◆ **Aim of the exercise**:
Copy the first line of the material below and every later line through the line containing "which is the", without any other output.

::::

(* Let $0<q<1$, $0\le p<1$, $z\in\mathbb C$ and $t\in\mathbb C$ with $|t|<1$. Then \[ \sum_{n=0}^\infty\frac{(p;q)_n}{(q;q)_n} \biggl(\sum_{k=0}^n\begin{bmatrix}n\\k\end{bmatrix}_q \frac{q^{k^2+k/2}}{(p;q)_k}z^k\biggr) t^n= \frac{(pt;q)_\infty}{(t;q)_\infty} \sum_{n=0}^\infty\frac{q^{n^2+n/2}}{(pt;q)_n(q;q)_n}(zt)^n . \]
   Context: For $a\in\mathbb C$ and $n\in\{0,1,2,\dots\}\cup\{\infty\}$, $(a;q)_n=\prod_{k=1}^n(1-aq^{k-1})$ (empty product $=1$). The Gaussian $q$-binomial coefficient is $\begin{bmatrix}n\\k\end{bmatrix}_q=\frac{(q;q)_n}{(q;q)_k(q;q)_{n-k}}$. *)

From Stdlib Require Import Reals.
From Coquelicot Require Import Coquelicot.
From Coquelicot Require Export Complex.
Open Scope C_scope.

Fixpoint qpoch (a : C) (q : R) (n : nat) : C :=
  match n with
  | O => 1
  | S m => qpoch a q m * (1 - a * RtoC (q ^ m))
  end.

Definition qbinom (q : R) (n k : nat) : C :=
  qpoch (RtoC q) q n / (qpoch (RtoC q) q k * qpoch (RtoC q) q (n - k)).

Definition qpoch_inf_is (a : C) (q : R) (L : C) : Prop :=
  filterlim (fun n => qpoch a q n) eventually (locally L).

(* q^(k^2 + k/2) for 0 < q, as a real number *)
Definition qexp (q : R) (k : nat) : R := q ^ (k * k) * (sqrt q) ^ k.

From Stdlib Require Import Reals Lra Lia.
From Coquelicot Require Import Coquelicot Complex.
Open Scope C_scope.

(* Expanding the q-binomial coefficient and writing (p;q)_n = (p;q)_k (pq^k;q)_(n-k), the n-th
   coefficient of the left-hand side is the convolution over k + m = n of
   u_k = q^(k^2+k/2) (zt)^k / (q;q)_k and (pq^k;q)_m / (q;q)_m t^m.  Summing over m first,
   the q-binomial theorem gives (ptq^k;q)_oo / (t;q)_oo = (pt;q)_oo / ((pt;q)_k (t;q)_oo),
   which is the right-hand side.  The interchange of summations is Tannery's theorem: the
   inner partial sums are bounded uniformly in k, while u_k decays superexponentially.
   The q-binomial theorem itself follows by iterating the functional equation
   (1 - x) F(x) = (1 - a x) F(q x) of F(x) = sum_m (a;q)_m / (q;q)_m x^m and using
   F(q^n x) -> 1. *)

(** * Limits and series of complex sequences *)

Lemma Clim_iff_Cmod (u : nat -> C) (a : C) :
  filterlim u eventually (locally a) <-> is_lim_seq (fun n => Cmod (u n - a)) 0%R.
Proof.
  rewrite (@filterlim_locally_ball_norm C_AbsRing nat C_NormedModule eventually _ u a).
  rewrite <- is_lim_seq_spec; unfold is_lim_seq', ball_norm.
  split; intros H eps; specialize (H eps); eapply filter_imp; try apply H;
    intros n Hn; simpl in *; rewrite Rminus_0_r, Rabs_pos_eq in *; try apply Cmod_ge_0; exact Hn.
Qed.

Lemma Clim_plus (u v : nat -> C) (a b : C) :
  filterlim u eventually (locally a) -> filterlim v eventually (locally b) ->
  filterlim (fun n => u n + v n) eventually (locally (a + b)).
Proof.
  intros Hu Hv; eapply filterlim_comp_2; [exact Hu | exact Hv |].
  exact (@filterlim_plus C_AbsRing C_NormedModule a b).
Qed.

Lemma Clim_mult (u v : nat -> C) (a b : C) :
  filterlim u eventually (locally a) -> filterlim v eventually (locally b) ->
  filterlim (fun n => u n * v n) eventually (locally (a * b)).
Proof.
  rewrite !Clim_iff_Cmod; intros Hu Hv.
  apply (is_lim_seq_le_le (fun _ => 0%R) _
    (fun n => (Cmod (u n - a) + Cmod a) * Cmod (v n - b) + Cmod b * Cmod (u n - a))%R).
  - intros n; split; [apply Cmod_ge_0 |].
    replace (u n * v n - a * b) with (u n * (v n - b) + b * (u n - a)) by ring.
    eapply Rle_trans; [apply Cmod_triangle |]; rewrite !Cmod_mult.
    apply Rplus_le_compat_r, Rmult_le_compat_r; [apply Cmod_ge_0 |].
    replace (u n) with ((u n - a) + a) at 1 by ring; apply Cmod_triangle.
  - apply is_lim_seq_const.
  - replace 0%R with ((0 + Cmod a) * 0 + Cmod b * 0)%R by ring.
    apply is_lim_seq_plus'; apply is_lim_seq_mult'; auto using is_lim_seq_const.
    apply is_lim_seq_plus'; auto using is_lim_seq_const.
Qed.

Lemma Clim_unique (u : nat -> C) (a b : C) :
  filterlim u eventually (locally a) -> filterlim u eventually (locally b) -> a = b.
Proof.
  intros; eapply (@filterlim_locally_unique nat C_AbsRing C_NormedModule); eauto.
  apply Proper_StrongProper, eventually_filter.
Qed.

Lemma Clim_Cmod (u : nat -> C) (a : C) :
  filterlim u eventually (locally a) -> is_lim_seq (fun n => Cmod (u n)) (Cmod a).
Proof.
  intros H; eapply filterlim_comp; [apply H |].
  apply (@filterlim_norm C_AbsRing C_NormedModule).
Qed.

Lemma Clim_Cmod_le (u : nat -> C) (a : C) (b : R) :
  filterlim u eventually (locally a) -> (forall n, Cmod (u n) <= b)%R -> (Cmod a <= b)%R.
Proof.
  intros H Hb; exact (is_lim_seq_le _ (fun _ => b) _ b Hb (Clim_Cmod _ _ H) (is_lim_seq_const b)).
Qed.

Lemma Clim_Cmod_ge (u : nat -> C) (a : C) (b : R) :
  filterlim u eventually (locally a) -> (forall n, b <= Cmod (u n))%R -> (b <= Cmod a)%R.
Proof.
  intros H Hb; exact (is_lim_seq_le (fun _ => b) _ b _ Hb (is_lim_seq_const b) (Clim_Cmod _ _ H)).
Qed.

Lemma Clim_eq0_of_geom_bound (u : nat -> C) (a : C) (c r : R) :
  (0 <= r < 1)%R -> filterlim u eventually (locally a) ->
  (forall n, Cmod (u n) <= c * r ^ n)%R -> a = 0.
Proof.
  intros Hr H Hb.
  assert (Hg : is_lim_seq (fun n => c * r ^ n)%R (c * 0)%R).
  { apply is_lim_seq_mult'; [apply is_lim_seq_const |].
    apply is_lim_seq_geom; rewrite Rabs_pos_eq; lra. }
  assert (Ha := is_lim_seq_le _ _ _ _ Hb (Clim_Cmod _ _ H) Hg); simpl in Ha.
  apply Cmod_eq_0; assert (Hpos := Cmod_ge_0 a); lra.
Qed.

Lemma filterlim_shift_iff {T : Type} (F : (T -> Prop) -> Prop) (u : nat -> T) (k : nat) :
  filterlim (fun n => u (n + k)%nat) eventually F <-> filterlim u eventually F.
Proof.
  split; intros H P HP; destruct (H P HP) as [N HN].
  - exists (N + k)%nat; intros n Hn; replace n with (n - k + k)%nat by lia; apply HN; lia.
  - exists N; intros n Hn; apply HN; lia.
Qed.

Lemma filterlim_sub_nat {T : Type} (F : (T -> Prop) -> Prop) (u : nat -> T) (k : nat) :
  filterlim u eventually F -> filterlim (fun n => u (n - k)%nat) eventually F.
Proof.
  intros H P HP; destruct (H P HP) as [N HN].
  exists (N + k)%nat; intros n Hn; apply HN; lia.
Qed.

Lemma ex_series_Cmod_le (a : nat -> C) (b : nat -> R) :
  (forall n, Cmod (a n) <= b n)%R -> ex_series b -> ex_series a.
Proof. exact (@ex_series_le C_AbsRing C_CompleteNormedModule a b). Qed.

Lemma is_series_C_unique (u : nat -> C) (a b : C) : is_series u a -> is_series u b -> a = b.
Proof. apply Clim_unique. Qed.

Lemma Cmod_sum_n_le (u : nat -> C) (n : nat) :
  (Cmod (sum_n u n) <= sum_n (fun k => Cmod (u k)) n)%R.
Proof. exact (@norm_sum_n_m C_AbsRing C_NormedModule u 0 n). Qed.

Lemma sum_n_Rle (u v : nat -> R) (n : nat) : (forall k, u k <= v k)%R -> (sum_n u n <= sum_n v n)%R.
Proof. apply sum_n_m_le. Qed.

Lemma is_series_Cmod_le (h : nat -> C) (b : nat -> R) (l : C) (lb : R) :
  is_series h l -> (forall m, Cmod (h m) <= b m)%R -> is_series b lb -> (Cmod l <= lb)%R.
Proof.
  intros Hh Hb Hlb.
  refine (is_lim_seq_le _ (sum_n b) _ lb _ (Clim_Cmod _ _ Hh) Hlb).
  intros n; eapply Rle_trans; [apply Cmod_sum_n_le | apply sum_n_Rle, Hb].
Qed.

Lemma sum_n_le_is_series (M : nat -> R) (SM : R) (N : nat) :
  (forall k, 0 <= M k)%R -> is_series M SM -> (sum_n M N <= SM)%R.
Proof.
  intros HM0 HM.
  assert (Hlim : is_lim_seq (sum_n M) SM) by exact HM.
  apply (is_lim_seq_incr_n _ N) in Hlim.
  refine (is_lim_seq_le (fun _ => sum_n M N) _ _ _ _ (is_lim_seq_const _) Hlim).
  induction n as [|n IH]; [rewrite Nat.add_0_l; lra |].
  replace (S n + N)%nat with (S (n + N)) by lia.
  rewrite sum_Sn; unfold plus; simpl; specialize (HM0 (S (n + N))); lra.
Qed.

Lemma is_series_geom_scal (c r : R) :
  (0 <= r < 1)%R -> is_series (fun n => c * r ^ n)%R (c / (1 - r))%R.
Proof.
  intros Hr; apply (@is_series_scal_l R_AbsRing R_NormedModule c).
  apply is_series_geom; rewrite Rabs_pos_eq; lra.
Qed.

Lemma Cminus_0_r (w : C) : w - 0 = w.
Proof. ring. Qed.

Lemma Csum_n_S (u : nat -> C) (n : nat) : sum_n u (S n) = sum_n u n + u (S n).
Proof. rewrite sum_Sn; reflexivity. Qed.

Lemma Csum_n_ext_loc (u v : nat -> C) (n : nat) :
  (forall k, (k <= n)%nat -> u k = v k) -> sum_n u n = sum_n v n :> C.
Proof. apply sum_n_ext_loc. Qed.

Lemma Csum_n_plus (u v : nat -> C) (n : nat) :
  sum_n (fun k => u k + v k) n = sum_n u n + sum_n v n :> C.
Proof. induction n; [rewrite !sum_O; reflexivity | rewrite !Csum_n_S, IHn; ring]. Qed.

Lemma Csum_n_minus (u v : nat -> C) (n : nat) :
  sum_n (fun k => u k - v k) n = sum_n u n - sum_n v n :> C.
Proof. induction n; [rewrite !sum_O; reflexivity | rewrite !Csum_n_S, IHn; ring]. Qed.

Lemma Csum_n_mult_l (c : C) (u : nat -> C) (n : nat) :
  sum_n (fun k => c * u k) n = c * sum_n u n :> C.
Proof. induction n; [rewrite !sum_O; reflexivity | rewrite !Csum_n_S, IHn; ring]. Qed.

Lemma Csum_n_antidiagonal (w : nat -> nat -> C) (N : nat) :
  sum_n (fun n => sum_n (fun k => w k (n - k)%nat) n) N
  = sum_n (fun k => sum_n (w k) (N - k)) N :> C.
Proof.
  induction N as [|N IH]; [rewrite !sum_O; reflexivity |].
  rewrite Csum_n_S, IH, (Csum_n_S (fun k => sum_n (w k) (S N - k))).
  rewrite (Csum_n_ext_loc (fun k => sum_n (w k) (S N - k))
             (fun k => sum_n (w k) (N - k) + w k (S N - k)%nat)).
  - rewrite Csum_n_plus, Csum_n_S, Nat.sub_diag, sum_O; ring.
  - intros k Hk; replace (S N - k)%nat with (S (N - k)) by lia; apply Csum_n_S.
Qed.

Lemma is_lim_seq_sum_n_0 (h : nat -> nat -> R) (K : nat) :
  (forall k, is_lim_seq (fun N => h N k) 0%R) -> is_lim_seq (fun N => sum_n (h N) K) 0%R.
Proof.
  intros H; induction K as [|K IH].
  - apply (is_lim_seq_ext (fun N => h N 0%nat)); [intros; rewrite sum_O |]; auto.
  - apply (is_lim_seq_ext (fun N => sum_n (h N) K + h N (S K))%R); [intros; rewrite sum_Sn; auto |].
    replace 0%R with (0 + 0)%R by ring; apply is_lim_seq_plus'; auto.
Qed.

::::

◆ **Response below**:
(* Let $0<q<1$, $0\le p<1$, $z\in\mathbb C$ and $t\in\mathbb C$ with $|t|<1$. Then \[ \sum_{n=0}^\infty\frac{(p;q)_n}{(q;q)_n} \biggl(\sum_{k=0}^n\begin{bmatrix}n\\k\end{bmatrix}_q \frac{q^{k^2+k/2}}{(p;q)_k}z^k\biggr) t^n= \frac{(pt;q)_\infty}{(t;q)_\infty} \sum_{n=0}^\infty\frac{q^{n^2+n/2}}{(pt;q)_n(q;q)_n}(zt)^n . \]
   Context: For $a\in\mathbb C$ and $n\in\{0,1,2,\dots\}\cup\{\infty\}$, $(a;q)_n=\prod_{k=1}^n(1-aq^{k-1})$ (empty product $=1$). The Gaussian $q$-binomial coefficient is $\begin{bmatrix}n\\k\end{bmatrix}_q=\frac{(q;q)_n}{(q;q)_k(q;q)_{n-k}}$. *)

From Stdlib Require Import Reals.
From Coquelicot Require Import Coquelicot.
From Coquelicot Require Export Complex.
Open Scope C_scope.

Fixpoint qpoch (a : C) (q : R) (n : nat) : C :=
  match n with
  | O => 1
  | S m => qpoch a q m * (1 - a * RtoC (q ^ m))
  end.

Definition qbinom (q : R) (n k : nat) : C :=
  qpoch (RtoC q) q n / (qpoch (RtoC q) q k * qpoch (RtoC q) q (n - k)).

Definition qpoch_inf_is (a : C) (q : R) (L : C) : Prop :=
  filterlim (fun n => qpoch a q n) eventually (locally L).

(* q^(k^2 + k/2) for 0 < q, as a real number *)
Definition qexp (q : R) (k : nat) : R := q ^ (k * k) * (sqrt q) ^ k.

From Stdlib Require Import Reals Lra Lia.
From Coquelicot Require Import Coquelicot Complex.
Open Scope C_scope.

(* Expanding the q-binomial coefficient and writing (p;q)_n = (p;q)_k (pq^k;q)_(n-k), the n-th
   coefficient of the left-hand side is the convolution over k + m = n of
   u_k = q^(k^2+k/2) (zt)^k / (q;q)_k and (pq^k;q)_m / (q;q)_m t^m.  Summing over m first,
   the q-binomial theorem gives (ptq^k;q)_oo / (t;q)_oo = (pt;q)_oo / ((pt;q)_k (t;q)_oo),
   which is the right-hand side.  The interchange of summations is Tannery's theorem: the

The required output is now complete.